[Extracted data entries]
=== Section Start ===
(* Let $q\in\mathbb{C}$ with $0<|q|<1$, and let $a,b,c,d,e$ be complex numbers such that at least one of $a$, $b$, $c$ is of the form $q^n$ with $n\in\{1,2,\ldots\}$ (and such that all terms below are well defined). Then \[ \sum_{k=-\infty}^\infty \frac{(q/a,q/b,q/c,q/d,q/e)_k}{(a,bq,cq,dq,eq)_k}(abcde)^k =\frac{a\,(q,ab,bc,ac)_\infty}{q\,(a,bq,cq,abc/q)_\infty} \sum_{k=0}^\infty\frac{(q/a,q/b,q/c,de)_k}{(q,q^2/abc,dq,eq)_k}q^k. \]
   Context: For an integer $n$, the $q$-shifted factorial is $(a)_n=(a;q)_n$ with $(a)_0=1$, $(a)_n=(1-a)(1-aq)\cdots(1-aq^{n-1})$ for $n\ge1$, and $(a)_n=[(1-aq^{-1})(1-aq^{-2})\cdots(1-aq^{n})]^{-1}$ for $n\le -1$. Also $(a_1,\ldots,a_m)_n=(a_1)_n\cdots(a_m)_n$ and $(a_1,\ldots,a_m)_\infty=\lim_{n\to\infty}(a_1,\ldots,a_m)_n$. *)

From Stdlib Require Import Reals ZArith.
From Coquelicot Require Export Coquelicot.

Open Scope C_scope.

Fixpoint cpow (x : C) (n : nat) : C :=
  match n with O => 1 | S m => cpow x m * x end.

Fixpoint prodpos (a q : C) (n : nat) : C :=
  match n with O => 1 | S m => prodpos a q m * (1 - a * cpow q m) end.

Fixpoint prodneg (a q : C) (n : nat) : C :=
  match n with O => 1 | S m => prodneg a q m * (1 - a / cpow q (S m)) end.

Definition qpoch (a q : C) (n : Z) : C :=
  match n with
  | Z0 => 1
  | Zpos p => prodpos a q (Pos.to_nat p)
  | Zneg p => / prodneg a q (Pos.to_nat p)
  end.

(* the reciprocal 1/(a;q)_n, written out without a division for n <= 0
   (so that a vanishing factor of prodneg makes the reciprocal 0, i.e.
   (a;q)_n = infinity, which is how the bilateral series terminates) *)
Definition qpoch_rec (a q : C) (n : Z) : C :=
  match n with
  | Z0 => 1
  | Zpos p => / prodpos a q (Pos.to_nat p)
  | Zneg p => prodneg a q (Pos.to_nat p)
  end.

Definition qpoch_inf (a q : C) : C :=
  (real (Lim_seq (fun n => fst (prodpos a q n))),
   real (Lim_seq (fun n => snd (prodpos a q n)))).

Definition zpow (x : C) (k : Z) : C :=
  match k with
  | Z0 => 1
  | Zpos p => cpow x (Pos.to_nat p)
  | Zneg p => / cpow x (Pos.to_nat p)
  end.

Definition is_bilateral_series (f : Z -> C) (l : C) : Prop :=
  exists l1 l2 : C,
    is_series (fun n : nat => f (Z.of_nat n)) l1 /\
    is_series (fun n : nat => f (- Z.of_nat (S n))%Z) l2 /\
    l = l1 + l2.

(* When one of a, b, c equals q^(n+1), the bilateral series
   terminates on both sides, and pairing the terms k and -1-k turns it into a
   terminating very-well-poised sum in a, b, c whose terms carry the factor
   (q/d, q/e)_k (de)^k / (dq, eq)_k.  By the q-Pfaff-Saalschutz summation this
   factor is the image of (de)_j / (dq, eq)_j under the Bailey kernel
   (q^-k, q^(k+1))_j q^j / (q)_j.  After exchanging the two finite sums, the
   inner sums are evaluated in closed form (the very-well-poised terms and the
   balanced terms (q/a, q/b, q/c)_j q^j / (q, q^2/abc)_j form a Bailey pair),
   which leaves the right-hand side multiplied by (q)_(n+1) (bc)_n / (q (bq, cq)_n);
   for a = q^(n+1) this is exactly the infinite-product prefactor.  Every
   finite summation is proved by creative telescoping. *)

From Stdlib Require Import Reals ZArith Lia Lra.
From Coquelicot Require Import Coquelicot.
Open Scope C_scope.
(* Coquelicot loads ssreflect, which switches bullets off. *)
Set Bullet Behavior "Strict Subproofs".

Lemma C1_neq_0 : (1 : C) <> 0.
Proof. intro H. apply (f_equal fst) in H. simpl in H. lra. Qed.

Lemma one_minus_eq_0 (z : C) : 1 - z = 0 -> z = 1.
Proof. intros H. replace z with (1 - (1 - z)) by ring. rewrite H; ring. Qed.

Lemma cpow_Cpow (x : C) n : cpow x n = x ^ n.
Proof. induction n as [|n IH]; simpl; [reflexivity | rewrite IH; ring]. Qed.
=== Section End ===
Task item:
Output every line from the records, exactly as written.

Expected answer:
(* Let $q\in\mathbb{C}$ with $0<|q|<1$, and let $a,b,c,d,e$ be complex numbers such that at least one of $a$, $b$, $c$ is of the form $q^n$ with $n\in\{1,2,\ldots\}$ (and such that all terms below are well defined). Then \[ \sum_{k=-\infty}^\infty \frac{(q/a,q/b,q/c,q/d,q/e)_k}{(a,bq,cq,dq,eq)_k}(abcde)^k =\frac{a\,(q,ab,bc,ac)_\infty}{q\,(a,bq,cq,abc/q)_\infty} \sum_{k=0}^\infty\frac{(q/a,q/b,q/c,de)_k}{(q,q^2/abc,dq,eq)_k}q^k. \]
   Context: For an integer $n$, the $q$-shifted factorial is $(a)_n=(a;q)_n$ with $(a)_0=1$, $(a)_n=(1-a)(1-aq)\cdots(1-aq^{n-1})$ for $n\ge1$, and $(a)_n=[(1-aq^{-1})(1-aq^{-2})\cdots(1-aq^{n})]^{-1}$ for $n\le -1$. Also $(a_1,\ldots,a_m)_n=(a_1)_n\cdots(a_m)_n$ and $(a_1,\ldots,a_m)_\infty=\lim_{n\to\infty}(a_1,\ldots,a_m)_n$. *)

From Stdlib Require Import Reals ZArith.
From Coquelicot Require Export Coquelicot.

Open Scope C_scope.

Fixpoint cpow (x : C) (n : nat) : C :=
  match n with O => 1 | S m => cpow x m * x end.

Fixpoint prodpos (a q : C) (n : nat) : C :=
  match n with O => 1 | S m => prodpos a q m * (1 - a * cpow q m) end.

Fixpoint prodneg (a q : C) (n : nat) : C :=
  match n with O => 1 | S m => prodneg a q m * (1 - a / cpow q (S m)) end.

Definition qpoch (a q : C) (n : Z) : C :=
  match n with
  | Z0 => 1
  | Zpos p => prodpos a q (Pos.to_nat p)
  | Zneg p => / prodneg a q (Pos.to_nat p)
  end.

(* the reciprocal 1/(a;q)_n, written out without a division for n <= 0
   (so that a vanishing factor of prodneg makes the reciprocal 0, i.e.
   (a;q)_n = infinity, which is how the bilateral series terminates) *)
Definition qpoch_rec (a q : C) (n : Z) : C :=
  match n with
  | Z0 => 1
  | Zpos p => / prodpos a q (Pos.to_nat p)
  | Zneg p => prodneg a q (Pos.to_nat p)
  end.

Definition qpoch_inf (a q : C) : C :=
  (real (Lim_seq (fun n => fst (prodpos a q n))),
   real (Lim_seq (fun n => snd (prodpos a q n)))).

Definition zpow (x : C) (k : Z) : C :=
  match k with
  | Z0 => 1
  | Zpos p => cpow x (Pos.to_nat p)
  | Zneg p => / cpow x (Pos.to_nat p)
  end.

Definition is_bilateral_series (f : Z -> C) (l : C) : Prop :=
  exists l1 l2 : C,
    is_series (fun n : nat => f (Z.of_nat n)) l1 /\
    is_series (fun n : nat => f (- Z.of_nat (S n))%Z) l2 /\
    l = l1 + l2.

(* When one of a, b, c equals q^(n+1), the bilateral series
   terminates on both sides, and pairing the terms k and -1-k turns it into a
   terminating very-well-poised sum in a, b, c whose terms carry the factor
   (q/d, q/e)_k (de)^k / (dq, eq)_k.  By the q-Pfaff-Saalschutz summation this
   factor is the image of (de)_j / (dq, eq)_j under the Bailey kernel
   (q^-k, q^(k+1))_j q^j / (q)_j.  After exchanging the two finite sums, the
   inner sums are evaluated in closed form (the very-well-poised terms and the
   balanced terms (q/a, q/b, q/c)_j q^j / (q, q^2/abc)_j form a Bailey pair),
   which leaves the right-hand side multiplied by (q)_(n+1) (bc)_n / (q (bq, cq)_n);
   for a = q^(n+1) this is exactly the infinite-product prefactor.  Every
   finite summation is proved by creative telescoping. *)

From Stdlib Require Import Reals ZArith Lia Lra.
From Coquelicot Require Import Coquelicot.
Open Scope C_scope.
(* Coquelicot loads ssreflect, which switches bullets off. *)
Set Bullet Behavior "Strict Subproofs".

Lemma C1_neq_0 : (1 : C) <> 0.
Proof. intro H. apply (f_equal fst) in H. simpl in H. lra. Qed.

Lemma one_minus_eq_0 (z : C) : 1 - z = 0 -> z = 1.
Proof. intros H. replace z with (1 - (1 - z)) by ring. rewrite H; ring. Qed.

Lemma cpow_Cpow (x : C) n : cpow x n = x ^ n.
Proof. induction n as [|n IH]; simpl; [reflexivity | rewrite IH; ring]. Qed.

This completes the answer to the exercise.